The invention discloses a preparation method and application of an allyl sulfone compound. The allyl alcohol raw material, sulfinic acid, tetrakis (triphenylphosphine) palladium and calcium bis (trifluoromethylsulfonyl) imide are sequentially added into a reaction solvent, stirred under the condition of argon and 30 ℃ for catalytic reaction, and the obtained reaction liquid is purified after the reaction solvent is removed to obtain the allyl sulfone compound. The synthesis method has high economy and wide applicable substrate range, and the obtained allyl sulfone compound has potential pharmaceutical activity and biological activity and is an important skeleton widely existing in biological and pharmaceutical active molecules.
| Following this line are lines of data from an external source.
(* Let $b>0$ and $\beta>0$. Let $\alpha(\theta)=\frac{1-\cos\theta}{\theta-\sin\theta}$ for $\theta\in(0,2\pi)$, let $\tilde\theta\in(0,2\pi)$ be the unique number with $\alpha(\tilde\theta)=\beta/b$, and let $k=\frac{2\beta}{1-\cos\tilde\theta}$. Let $\gamma_0:[0,b]\to\mathbb{R}$ be the function whose graph is the curve $\theta\mapsto\left(\frac{k}{2}(\theta-\sin\theta),\ \frac{k}{2}(1-\cos\theta)\right)$, $\theta\in[0,\tilde\theta]$, and let $\delta_0=(2\gamma_0)^{1/2}$. Let $Y$ be the set of all $\delta\in C([0,b])$ which are continuously differentiable on $(0,b]$, with $\delta(t)>0$ for $t\in(0,b]$, $\delta(0)=0$, $\delta(b)=(2\beta)^{1/2}$, and such that the improper integral $$\mathcal{M}(\delta)=\int_0^b\left(\delta(t)^{-2}+\delta'(t)^2\right)^{1/2}dt$$ is defined (finite). Then $\delta_0$ is the unique minimum of $\mathcal{M}$ on $Y$.
   Context: The function $\alpha$ is a strictly decreasing bijection from $(0,2\pi)$ onto $(0,\infty)$, so $\tilde\theta$ is well defined; with this choice of $k$, the curve starts at $(0,0)$ and ends at $(b,\beta)$, and $\theta\mapsto\frac{k}{2}(\theta-\sin\theta)$ is strictly increasing, so the curve is the graph of a function on $[0,b]$. *)

From Stdlib Require Import Reals.
From Coquelicot Require Import Coquelicot.
Open Scope R_scope.

Definition alpha (th : R) : R := (1 - cos th) / (th - sin th).

Definition M_integrand (delta : R -> R) (t : R) : R :=
  sqrt (/ (delta t ^ 2) + (Derive delta t) ^ 2).

Definition M_defined (b : R) (delta : R -> R) : Prop :=
  ex_RInt_gen (M_integrand delta) (at_right 0) (at_point b).

Definition M (b : R) (delta : R -> R) : R :=
  RInt_gen (M_integrand delta) (at_right 0) (at_point b).

Definition cont_on_0b (b : R) (delta : R -> R) : Prop :=
  forall t, 0 <= t <= b ->
    filterlim delta (within (fun x => 0 <= x <= b) (locally t)) (locally (delta t)).

Definition C1_on_0b_right (b : R) (delta : R -> R) : Prop :=
  exists d : R -> R,
    (forall t, 0 < t < b -> is_derive delta t (d t)) /\
    filterlim (fun h => (delta (b + h) - delta b) / h) (at_left 0) (locally (d b)) /\
    (forall t, 0 < t <= b ->
       filterlim d (within (fun x => 0 < x <= b) (locally t)) (locally (d t))).

Definition inY (b beta : R) (delta : R -> R) : Prop :=
  cont_on_0b b delta /\
  C1_on_0b_right b delta /\
  (forall t, 0 < t <= b -> 0 < delta t) /\
  delta 0 = 0 /\
  delta b = sqrt (2 * beta) /\
  M_defined b delta.

From Stdlib Require Import Reals Lra Psatz ClassicalEpsilon Ranalysis5.
From Coquelicot Require Import Coquelicot.
Open Scope R_scope.

(* Parametrize [0, b] by the cycloid angle θ(t), defined by t = k/2 (θ - sin θ), and put
   s = sin (θ/2), c = cos (θ/2), m = sqrt (2 k), so that δ0 = m s.  Since c' = -1/(m² s),
   for every positive δ with derivative p the Cauchy-Schwarz inequality against the unit
   vector (s, c) gives
     (δ^-2 + p^2)^(1/2) >= s/δ + c p = (2t/m + c δ)' + (m s - δ)^2 / (δ m² s).
   Integrating over (0, b) with δ(0) = 0 and δ(b) = δ0(b) yields M(δ) >= 2b/m + c(b) δ0(b)
   = m θ̃/2, and this is M(δ0), whose integrand is m θ'/2.  If δ(t) <> δ0(t) at an interior
   point, the last term stays positive near t, and the inequality is strict. *)

Lemma filterlim_Rplus {T} (F : (T -> Prop) -> Prop) {FF : Filter F} (f g : T -> R) a c :
  filterlim f F (locally a) -> filterlim g F (locally c) ->
  filterlim (fun x => f x + g x) F (locally (a + c)).
Proof.
  intros Hf Hg. apply (filterlim_comp_2 f g Rplus Hf Hg).
  apply (filterlim_plus (V:=R_NormedModule) a c).
Qed.

Lemma filterlim_Rmult {T} (F : (T -> Prop) -> Prop) {FF : Filter F} (f g : T -> R) a c :
  filterlim f F (locally a) -> filterlim g F (locally c) ->
  filterlim (fun x => f x * g x) F (locally (a * c)).
Proof.
  intros Hf Hg. apply (filterlim_comp_2 f g Rmult Hf Hg).
  apply (filterlim_mult (K:=R_AbsRing) a c).
Qed.

Lemma continuous_Rplus (f g : R -> R) x :
  continuous f x -> continuous g x -> continuous (fun y => f y + g y) x.
Proof. apply filterlim_Rplus, locally_filter. Qed.

Lemma continuous_Rmult (f g : R -> R) x :
  continuous f x -> continuous g x -> continuous (fun y => f y * g y) x.
Proof. apply filterlim_Rmult, locally_filter. Qed.

Lemma ball_R (x : R) (e : posreal) y : ball x e y -> x - e < y < x + e.
Proof. intros H. change (Rabs (y - x) < e) in H. apply Rabs_def2 in H. lra. Qed.

Lemma at_right_lt a c : a < c -> at_right a (fun x => a < x < c).
Proof.
  intros H. exists (mkposreal (c - a) ltac:(lra)).
  intros y Hy Hay. apply ball_R in Hy. cbn [pos] in Hy. lra.
Qed.

Lemma at_left_gt a c : a < c -> at_left c (fun x => a < x < c).
Proof.
  intros H. exists (mkposreal (c - a) ltac:(lra)).
  intros y Hy Hyc. apply ball_R in Hy. cbn [pos] in Hy. lra.
Qed.

Lemma locally_between a c t : a < t < c -> locally t (fun x => a < x < c).
Proof.
  intros H. assert (hp : 0 < Rmin (t - a) (c - t)) by (apply Rmin_glb_lt; lra).
  exists (mkposreal _ hp). intros y Hy. apply ball_R in Hy. cbn [pos] in Hy.
  pose proof (Rmin_l (t - a) (c - t)). pose proof (Rmin_r (t - a) (c - t)). lra.
Qed.

Lemma filterlim_le_R {T} (F : (T -> Prop) -> Prop) {FF : ProperFilter F} (f g : T -> R) lf lg :
  F (fun x => f x <= g x) -> filterlim f F (locally lf) -> filterlim g F (locally lg) ->
  lf <= lg.
Proof. exact (filterlim_le f g lf lg). Qed.

Lemma continuous_of_within (D : R -> Prop) (f : R -> R) t :
  locally t D -> filterlim f (within D (locally t)) (locally (f t)) -> continuous f t.
Proof.
  intros HD Hf P HP. unfold filtermap. generalize (filter_and _ _ HD (Hf P HP)).
  apply filter_imp. intros x [Hx HPx]. exact (HPx Hx).
Qed.

Lemma filter_le_at_right_within a c : a < c ->
  filter_le (at_right a) (within (fun x => a <= x <= c) (locally a)).
Proof.
  intros H P HP. pose proof (at_right_lt a c H) as Hr. unfold at_right, within in *.
  generalize (filter_and _ _ Hr HP).
  apply filter_imp. intros x [Hx HPx] Hax. specialize (Hx Hax). apply HPx. lra.
Qed.

Lemma filter_le_at_left_within a c : a < c ->
  filter_le (at_left c) (within (fun x => a <= x <= c) (locally c)).
Proof.
  intros H P HP. pose proof (at_left_gt a c H) as Hl. unfold at_left, within in *.
  generalize (filter_and _ _ Hl HP).
  apply filter_imp. intros x [Hx HPx] Hxc. specialize (Hx Hxc). apply HPx. lra.
Qed.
Compared with the defects and shortcomings of the prior art, the invention has the following beneficial effects:

(1) part of the raw materials used by the method is low-cost commercial cinnamyl alcohol raw materials, and the obtained by-product is only water, so that the method is high in atom economy, green and environment-friendly;

(2) the method of the invention needs not very harsh conditions, the substrate has wide application range, for example, allyl alcohol can be various substituted phenyl, heterocycle and alkyl;

(3) the process of the invention is applicable to different types of allyl alcohol;

(4) the allyl sulfone compound has wide application prospect in biologically and pharmaceutically active molecules (such as anticancer agents, cysteine protease inhibitors, antibacterial agents and herbicides).

Drawings

FIG. 1 is a nuclear magnetic resonance hydrogen spectrum of (cinnamoylsulfonyl) benzene;

FIG. 2 is a nuclear magnetic resonance carbon spectrum of (cinnamoylsulfonyl) benzene.

Detailed Description

In order to make the objects, technical solutions and advantages of the present invention more apparent, the present invention is described in further detail below with reference to the accompanying drawings and embodiments. It should be understood that the specific embodiments described herein are merely illustrative of the invention and are not intended to limit the invention.